(Stored data entries)
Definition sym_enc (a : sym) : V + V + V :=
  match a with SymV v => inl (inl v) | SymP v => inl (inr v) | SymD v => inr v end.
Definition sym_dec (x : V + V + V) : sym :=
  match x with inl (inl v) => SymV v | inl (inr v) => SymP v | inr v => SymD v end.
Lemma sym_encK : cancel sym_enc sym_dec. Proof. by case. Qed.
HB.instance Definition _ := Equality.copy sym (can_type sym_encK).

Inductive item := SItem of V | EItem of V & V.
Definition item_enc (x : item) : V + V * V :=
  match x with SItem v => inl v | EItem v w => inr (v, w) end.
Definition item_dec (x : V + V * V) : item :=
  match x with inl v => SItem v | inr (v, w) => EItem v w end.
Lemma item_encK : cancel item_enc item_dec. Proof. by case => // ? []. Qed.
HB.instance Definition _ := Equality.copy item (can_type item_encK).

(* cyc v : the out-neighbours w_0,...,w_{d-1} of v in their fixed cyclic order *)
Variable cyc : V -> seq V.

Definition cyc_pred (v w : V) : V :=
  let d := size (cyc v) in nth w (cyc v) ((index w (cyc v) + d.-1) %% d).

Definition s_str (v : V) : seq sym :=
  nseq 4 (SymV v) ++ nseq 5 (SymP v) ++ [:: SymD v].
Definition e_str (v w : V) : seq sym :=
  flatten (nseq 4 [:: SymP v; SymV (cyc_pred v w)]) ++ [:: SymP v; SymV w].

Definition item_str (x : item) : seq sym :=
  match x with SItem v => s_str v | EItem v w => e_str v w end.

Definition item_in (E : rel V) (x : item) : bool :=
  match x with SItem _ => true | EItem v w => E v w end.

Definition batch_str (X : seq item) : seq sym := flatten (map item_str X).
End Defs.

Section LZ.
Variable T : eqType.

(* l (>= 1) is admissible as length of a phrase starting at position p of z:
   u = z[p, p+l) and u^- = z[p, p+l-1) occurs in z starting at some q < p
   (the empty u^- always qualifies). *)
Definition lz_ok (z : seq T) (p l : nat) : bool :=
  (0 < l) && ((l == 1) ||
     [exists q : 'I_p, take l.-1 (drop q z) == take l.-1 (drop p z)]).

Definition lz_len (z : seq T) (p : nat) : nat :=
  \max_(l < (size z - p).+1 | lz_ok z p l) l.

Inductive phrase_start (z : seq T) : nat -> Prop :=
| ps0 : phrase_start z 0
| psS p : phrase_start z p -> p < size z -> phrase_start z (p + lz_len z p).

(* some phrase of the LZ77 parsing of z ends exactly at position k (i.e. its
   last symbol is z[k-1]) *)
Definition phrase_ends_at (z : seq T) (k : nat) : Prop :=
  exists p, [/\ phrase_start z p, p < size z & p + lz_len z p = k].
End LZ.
==
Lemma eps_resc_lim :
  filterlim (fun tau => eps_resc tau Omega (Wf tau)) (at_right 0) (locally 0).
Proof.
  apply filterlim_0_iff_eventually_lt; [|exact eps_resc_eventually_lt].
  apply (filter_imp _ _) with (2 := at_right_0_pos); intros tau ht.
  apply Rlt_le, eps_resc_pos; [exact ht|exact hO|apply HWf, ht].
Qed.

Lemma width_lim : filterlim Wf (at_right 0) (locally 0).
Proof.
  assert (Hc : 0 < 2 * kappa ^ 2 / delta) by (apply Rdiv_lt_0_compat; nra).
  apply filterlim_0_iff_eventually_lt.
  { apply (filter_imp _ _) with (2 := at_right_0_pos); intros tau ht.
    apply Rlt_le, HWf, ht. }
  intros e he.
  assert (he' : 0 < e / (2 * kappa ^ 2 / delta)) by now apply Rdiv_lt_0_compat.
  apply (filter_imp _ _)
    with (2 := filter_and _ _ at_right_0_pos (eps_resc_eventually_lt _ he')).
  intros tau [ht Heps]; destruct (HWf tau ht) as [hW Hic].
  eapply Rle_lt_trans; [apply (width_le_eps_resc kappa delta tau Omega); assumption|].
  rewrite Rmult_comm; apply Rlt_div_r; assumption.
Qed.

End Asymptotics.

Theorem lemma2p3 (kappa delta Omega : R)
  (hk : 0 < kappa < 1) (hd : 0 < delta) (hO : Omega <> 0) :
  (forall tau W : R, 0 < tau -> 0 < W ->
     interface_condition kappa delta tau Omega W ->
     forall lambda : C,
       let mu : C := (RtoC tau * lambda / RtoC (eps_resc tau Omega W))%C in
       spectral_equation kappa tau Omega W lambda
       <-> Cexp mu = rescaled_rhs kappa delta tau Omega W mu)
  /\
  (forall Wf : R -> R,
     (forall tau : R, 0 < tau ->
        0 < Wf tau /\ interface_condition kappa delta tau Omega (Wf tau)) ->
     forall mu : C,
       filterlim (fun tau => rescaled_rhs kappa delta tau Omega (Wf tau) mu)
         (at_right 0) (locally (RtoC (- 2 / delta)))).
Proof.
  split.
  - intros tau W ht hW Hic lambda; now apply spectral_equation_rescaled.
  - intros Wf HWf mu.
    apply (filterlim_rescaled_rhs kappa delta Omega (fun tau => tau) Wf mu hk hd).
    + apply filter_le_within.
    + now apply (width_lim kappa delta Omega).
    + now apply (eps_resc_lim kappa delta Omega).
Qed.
---
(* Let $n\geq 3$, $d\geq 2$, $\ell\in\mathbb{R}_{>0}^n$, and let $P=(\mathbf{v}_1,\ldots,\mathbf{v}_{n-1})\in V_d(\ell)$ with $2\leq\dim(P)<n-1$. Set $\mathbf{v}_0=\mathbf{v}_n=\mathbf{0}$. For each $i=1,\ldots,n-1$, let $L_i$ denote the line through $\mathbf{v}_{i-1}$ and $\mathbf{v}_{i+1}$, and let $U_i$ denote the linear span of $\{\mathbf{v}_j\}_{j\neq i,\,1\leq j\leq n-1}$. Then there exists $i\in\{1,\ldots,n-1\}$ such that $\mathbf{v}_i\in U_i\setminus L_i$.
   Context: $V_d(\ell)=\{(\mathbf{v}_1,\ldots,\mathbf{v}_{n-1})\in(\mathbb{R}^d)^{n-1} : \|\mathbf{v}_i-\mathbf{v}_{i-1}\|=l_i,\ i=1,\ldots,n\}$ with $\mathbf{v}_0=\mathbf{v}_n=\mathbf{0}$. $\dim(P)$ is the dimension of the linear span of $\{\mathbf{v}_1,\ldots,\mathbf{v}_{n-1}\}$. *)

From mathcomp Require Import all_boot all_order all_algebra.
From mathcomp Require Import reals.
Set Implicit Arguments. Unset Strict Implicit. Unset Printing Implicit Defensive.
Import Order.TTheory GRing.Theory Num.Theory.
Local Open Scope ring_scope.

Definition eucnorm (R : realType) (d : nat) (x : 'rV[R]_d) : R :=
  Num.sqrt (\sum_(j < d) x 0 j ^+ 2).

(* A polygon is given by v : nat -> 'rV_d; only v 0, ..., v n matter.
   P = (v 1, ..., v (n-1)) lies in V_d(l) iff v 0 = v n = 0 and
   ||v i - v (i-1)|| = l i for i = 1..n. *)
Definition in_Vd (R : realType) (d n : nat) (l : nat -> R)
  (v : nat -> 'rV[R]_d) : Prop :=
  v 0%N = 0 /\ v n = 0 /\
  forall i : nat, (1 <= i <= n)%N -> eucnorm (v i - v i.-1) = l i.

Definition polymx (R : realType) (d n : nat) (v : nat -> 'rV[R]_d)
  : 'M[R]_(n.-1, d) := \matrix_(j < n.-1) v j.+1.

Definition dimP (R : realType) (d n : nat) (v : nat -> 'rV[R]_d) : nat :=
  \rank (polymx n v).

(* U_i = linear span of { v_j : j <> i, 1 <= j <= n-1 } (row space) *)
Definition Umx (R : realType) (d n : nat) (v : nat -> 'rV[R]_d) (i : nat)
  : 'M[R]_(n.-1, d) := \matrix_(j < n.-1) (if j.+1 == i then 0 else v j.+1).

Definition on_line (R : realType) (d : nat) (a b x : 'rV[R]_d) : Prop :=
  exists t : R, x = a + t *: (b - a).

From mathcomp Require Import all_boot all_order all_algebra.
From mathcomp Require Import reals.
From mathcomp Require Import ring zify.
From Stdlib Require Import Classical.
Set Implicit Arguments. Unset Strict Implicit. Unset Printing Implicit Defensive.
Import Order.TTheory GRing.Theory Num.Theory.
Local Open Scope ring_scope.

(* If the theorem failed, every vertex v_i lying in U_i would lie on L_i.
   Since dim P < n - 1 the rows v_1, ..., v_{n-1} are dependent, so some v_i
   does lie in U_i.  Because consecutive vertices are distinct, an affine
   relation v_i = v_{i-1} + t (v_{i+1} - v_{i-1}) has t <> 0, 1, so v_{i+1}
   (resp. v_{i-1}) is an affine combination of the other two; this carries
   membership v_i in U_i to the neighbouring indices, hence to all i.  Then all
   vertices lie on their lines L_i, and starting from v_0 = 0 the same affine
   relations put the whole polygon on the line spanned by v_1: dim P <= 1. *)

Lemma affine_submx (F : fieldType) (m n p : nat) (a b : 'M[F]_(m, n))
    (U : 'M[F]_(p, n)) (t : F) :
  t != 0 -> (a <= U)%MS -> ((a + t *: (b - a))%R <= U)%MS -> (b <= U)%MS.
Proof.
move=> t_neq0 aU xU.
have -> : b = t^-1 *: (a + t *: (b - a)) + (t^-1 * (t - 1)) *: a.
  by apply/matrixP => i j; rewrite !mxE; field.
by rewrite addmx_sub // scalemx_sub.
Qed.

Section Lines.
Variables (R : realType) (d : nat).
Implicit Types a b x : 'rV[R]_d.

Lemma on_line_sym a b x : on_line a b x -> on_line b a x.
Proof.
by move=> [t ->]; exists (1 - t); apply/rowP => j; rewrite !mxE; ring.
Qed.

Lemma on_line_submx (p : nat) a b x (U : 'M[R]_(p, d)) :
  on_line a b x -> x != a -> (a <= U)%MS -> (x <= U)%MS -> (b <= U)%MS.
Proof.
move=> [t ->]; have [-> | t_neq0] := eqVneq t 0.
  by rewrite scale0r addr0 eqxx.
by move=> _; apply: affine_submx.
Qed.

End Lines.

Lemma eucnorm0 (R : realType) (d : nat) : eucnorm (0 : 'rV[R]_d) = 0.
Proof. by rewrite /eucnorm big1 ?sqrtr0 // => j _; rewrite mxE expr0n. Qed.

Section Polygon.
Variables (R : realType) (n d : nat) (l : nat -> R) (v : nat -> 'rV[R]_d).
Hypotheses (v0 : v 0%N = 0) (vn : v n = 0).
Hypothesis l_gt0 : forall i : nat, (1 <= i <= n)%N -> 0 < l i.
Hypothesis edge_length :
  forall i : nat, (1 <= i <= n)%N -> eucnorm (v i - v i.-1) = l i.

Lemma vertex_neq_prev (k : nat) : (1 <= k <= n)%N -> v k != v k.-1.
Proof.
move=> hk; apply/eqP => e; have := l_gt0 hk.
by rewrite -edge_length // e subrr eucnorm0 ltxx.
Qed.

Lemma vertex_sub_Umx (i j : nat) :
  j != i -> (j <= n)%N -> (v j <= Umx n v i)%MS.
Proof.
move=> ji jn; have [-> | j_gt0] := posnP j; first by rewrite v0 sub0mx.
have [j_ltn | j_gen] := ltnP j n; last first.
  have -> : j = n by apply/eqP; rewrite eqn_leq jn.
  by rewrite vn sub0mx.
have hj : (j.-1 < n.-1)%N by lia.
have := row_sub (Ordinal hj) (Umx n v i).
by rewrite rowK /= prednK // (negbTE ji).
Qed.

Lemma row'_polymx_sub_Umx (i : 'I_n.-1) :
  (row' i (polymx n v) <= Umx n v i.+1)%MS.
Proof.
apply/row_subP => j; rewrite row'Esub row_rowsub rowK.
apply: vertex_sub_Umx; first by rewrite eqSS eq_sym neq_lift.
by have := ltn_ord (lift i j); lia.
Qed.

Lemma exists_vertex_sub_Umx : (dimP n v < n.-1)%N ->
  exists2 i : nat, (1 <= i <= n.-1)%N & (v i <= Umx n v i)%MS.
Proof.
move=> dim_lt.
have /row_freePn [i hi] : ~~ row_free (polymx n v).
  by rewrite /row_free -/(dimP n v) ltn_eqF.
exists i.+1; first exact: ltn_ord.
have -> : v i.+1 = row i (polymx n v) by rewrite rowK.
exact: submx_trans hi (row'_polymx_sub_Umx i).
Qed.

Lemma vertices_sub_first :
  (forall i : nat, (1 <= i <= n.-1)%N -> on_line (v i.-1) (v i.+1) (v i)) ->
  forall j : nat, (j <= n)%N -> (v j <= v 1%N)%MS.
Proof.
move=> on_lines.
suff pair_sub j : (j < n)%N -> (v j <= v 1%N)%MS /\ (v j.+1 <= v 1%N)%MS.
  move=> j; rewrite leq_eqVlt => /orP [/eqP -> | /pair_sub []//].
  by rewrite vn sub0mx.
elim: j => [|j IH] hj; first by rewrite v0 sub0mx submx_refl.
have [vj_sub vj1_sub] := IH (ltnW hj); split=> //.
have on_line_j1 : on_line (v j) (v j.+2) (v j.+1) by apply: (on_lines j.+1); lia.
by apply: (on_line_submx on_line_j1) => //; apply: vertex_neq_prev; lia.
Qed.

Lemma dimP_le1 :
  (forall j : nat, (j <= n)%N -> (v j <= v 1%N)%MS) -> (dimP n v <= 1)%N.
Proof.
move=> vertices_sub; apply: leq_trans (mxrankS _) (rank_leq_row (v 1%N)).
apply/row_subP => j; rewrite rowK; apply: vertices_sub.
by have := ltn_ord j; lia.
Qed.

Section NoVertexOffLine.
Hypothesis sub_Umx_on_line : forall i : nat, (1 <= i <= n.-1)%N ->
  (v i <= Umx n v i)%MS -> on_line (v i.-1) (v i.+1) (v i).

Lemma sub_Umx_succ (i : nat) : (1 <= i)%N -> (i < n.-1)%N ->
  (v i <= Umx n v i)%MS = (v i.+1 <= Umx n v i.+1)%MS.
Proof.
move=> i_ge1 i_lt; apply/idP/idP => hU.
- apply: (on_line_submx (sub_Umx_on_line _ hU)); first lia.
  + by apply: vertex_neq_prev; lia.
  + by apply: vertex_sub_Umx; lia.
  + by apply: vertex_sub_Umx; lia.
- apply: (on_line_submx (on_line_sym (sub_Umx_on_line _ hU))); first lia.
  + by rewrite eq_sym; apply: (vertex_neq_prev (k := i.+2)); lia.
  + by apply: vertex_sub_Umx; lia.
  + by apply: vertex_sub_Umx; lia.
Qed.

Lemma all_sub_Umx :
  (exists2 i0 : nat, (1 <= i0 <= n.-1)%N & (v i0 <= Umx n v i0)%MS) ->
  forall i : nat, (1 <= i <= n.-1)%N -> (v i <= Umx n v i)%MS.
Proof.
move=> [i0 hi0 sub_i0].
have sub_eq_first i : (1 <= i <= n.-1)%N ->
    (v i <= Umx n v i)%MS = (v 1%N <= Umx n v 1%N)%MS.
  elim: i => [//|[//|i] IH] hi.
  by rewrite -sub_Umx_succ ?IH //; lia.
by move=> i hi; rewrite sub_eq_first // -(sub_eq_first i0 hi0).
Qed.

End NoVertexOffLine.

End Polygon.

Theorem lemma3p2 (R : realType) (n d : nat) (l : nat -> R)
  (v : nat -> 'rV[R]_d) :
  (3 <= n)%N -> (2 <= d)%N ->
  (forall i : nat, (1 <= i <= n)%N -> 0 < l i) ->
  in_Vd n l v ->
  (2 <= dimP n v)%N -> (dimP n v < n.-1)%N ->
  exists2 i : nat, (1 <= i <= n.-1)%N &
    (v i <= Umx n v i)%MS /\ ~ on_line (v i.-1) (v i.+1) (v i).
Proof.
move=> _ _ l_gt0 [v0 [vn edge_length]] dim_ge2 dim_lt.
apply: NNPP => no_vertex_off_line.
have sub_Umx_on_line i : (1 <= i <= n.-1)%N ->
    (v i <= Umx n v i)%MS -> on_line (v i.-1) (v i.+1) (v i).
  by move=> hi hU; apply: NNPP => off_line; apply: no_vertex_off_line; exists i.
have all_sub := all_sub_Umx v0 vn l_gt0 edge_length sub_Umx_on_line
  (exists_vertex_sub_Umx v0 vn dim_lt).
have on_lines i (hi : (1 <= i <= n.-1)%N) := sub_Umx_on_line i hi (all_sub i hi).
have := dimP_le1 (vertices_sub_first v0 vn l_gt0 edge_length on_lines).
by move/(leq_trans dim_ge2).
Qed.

## Problem to work on
Give back exactly the lines above, from the line containing "Definition sym_enc (a" through the line containing "HB.instance Definition _ := Equality.copy sym", with both end lines and nothing more.

## Response
Definition sym_enc (a : sym) : V + V + V :=
  match a with SymV v => inl (inl v) | SymP v => inl (inr v) | SymD v => inr v end.
Definition sym_dec (x : V + V + V) : sym :=
  match x with inl (inl v) => SymV v | inl (inr v) => SymP v | inr v => SymD v end.
Lemma sym_encK : cancel sym_enc sym_dec. Proof. by case. Qed.
HB.instance Definition _ := Equality.copy sym (can_type sym_encK).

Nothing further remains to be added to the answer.